"I'm always looking for the most scenic and safest routes possible," Russell said.
Russell had a biking partner recently when he joined Fiorentini on a morning ride down Main Street to City Hall. Russell said the mayor encourages residents to ride their bikes.
"The goal is to make Haverhill more bicycle friendly, more comfortable and safer," said Russell, who doesn't just advocate bicycle safety, but instead lives it.
"I won't let anyone ride along with me unless they are wearing a helmet," he said.
Pillsbury said he travels the bike lanes on Water Street when riding his bicycle to and from his job at City Hall. He said replicating these lanes on other streets will take research and planning.
"As we do repaving of roads, we want to try to incorporate bike striping in the line-striping work and when we have the opportunity to connect them up, we try to do that as well," Pillsbury said. "We will look at the list of streets that will be paved this summer, but it doesn't make sense to put a bike lane on every street. A lot of streets don't have adequate width, especially where you have vehicles parked. Water Street was perfect as there is no parking. Most roads in Haverhill are not that wide."

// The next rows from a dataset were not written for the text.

(* Let $G$ be a t.d.l.c. group acting Weyl-transitively on a locally finite thick building $\Delta$ with compact stabilisers. Then $G$ has the double coset property and, in particular, $G$ is $N$-compact.
   Context: $\Delta=(\mathcal{C},\delta)$ is a building of type $(W,S)$ ($S$ finite), locally finite if $\{d\mid\delta(c,d)=s\}$ is finite for all $c\in\mathcal{C}$, $s\in S$, and thick if every $\{s\}$-residue ($s\in S$) contains at least three chambers. $G$ acts via a continuous homomorphism to the group of type-preserving automorphisms of $\Delta$ with the permutation topology, and chamber stabilisers are compact. The action is Weyl-transitive if for each $w\in W$, $G$ acts transitively on $\{(c,d)\in\mathcal{C}\times\mathcal{C}\mid\delta(c,d)=w\}$. For a compact open subgroup $\mathcal{O}\le G$ let $\mu_\mathcal{O}$ be the left Haar measure with $\mu_\mathcal{O}(\mathcal{O})=1$ and $R_\mathcal{O}(n)=|\{\mathcal{O}g\mathcal{O}\in\mathcal{O}\backslash G/\mathcal{O}\mid\mu_\mathcal{O}(\mathcal{O}g\mathcal{O})=n\}|$. $G$ has the double coset property if $R_\mathcal{O}(n)<\infty$ for every $n\ge1$ (this is independent of the choice of $\mathcal{O}$). $G$ is $N$-compact if every compact open subgroup of $G$ has compact normaliser. *)

From HB Require Import structures.
From mathcomp Require Import all_boot all_order.
From mathcomp Require Import all_classical all_reals all_analysis.

Set Implicit Arguments.
Unset Strict Implicit.
Unset Printing Implicit Defensive.

Local Open Scope classical_set_scope.

Definition is_group (T : Type) (mul : T -> T -> T) (one : T) (inv : T -> T) :=
  [/\ associative mul, left_id one mul, right_id one mul,
      left_inverse one inv mul & right_inverse one inv mul].

Fixpoint gpow (T : Type) (mul : T -> T -> T) (one : T) (x : T) (n : nat) : T :=
  if n is n'.+1 then mul x (gpow mul one x n') else one.

Definition wprod (T : Type) (mul : T -> T -> T) (one : T) (s : seq T) : T :=
  foldr mul one s.

Definition is_subgroup (T : Type) (mul : T -> T -> T) (one : T) (inv : T -> T)
  (H : set T) :=
  [/\ H one, (forall x y, H x -> H y -> H (mul x y)) & (forall x, H x -> H (inv x))].

(* S generates W (as a monoid; S consists of involutions) *)
Definition generates (W : Type) (mulW : W -> W -> W) (oneW : W) (S : set W) :=
  forall w, exists s : seq W, (forall i, (i < size s)%N -> S (nth oneW s i)) /\ wprod mulW oneW s = w.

Where bike lanes may not be feasible, more signage might be an option.
"We'd like to expand our 'Share the Road' signage program and maybe look for a state grant or Chapter 90 money for that as there is a lot of movement towards bike friendly communities," Pillsbury said. "Like Boston, we're trying to get drivers to understand that bikes are out there and they have rights. It's a matter of safety on both sides."
Hoping to contribute to a safer environment for cyclists, Russell recently came up with a list of storm grates that are oriented in way he says pose a danger to bicyclists. He said the 40 or so grates on his list are a fraction of the hundreds of grates that exist throughout the city and that he plans to give his list to Public Works Director Mike Stankovich.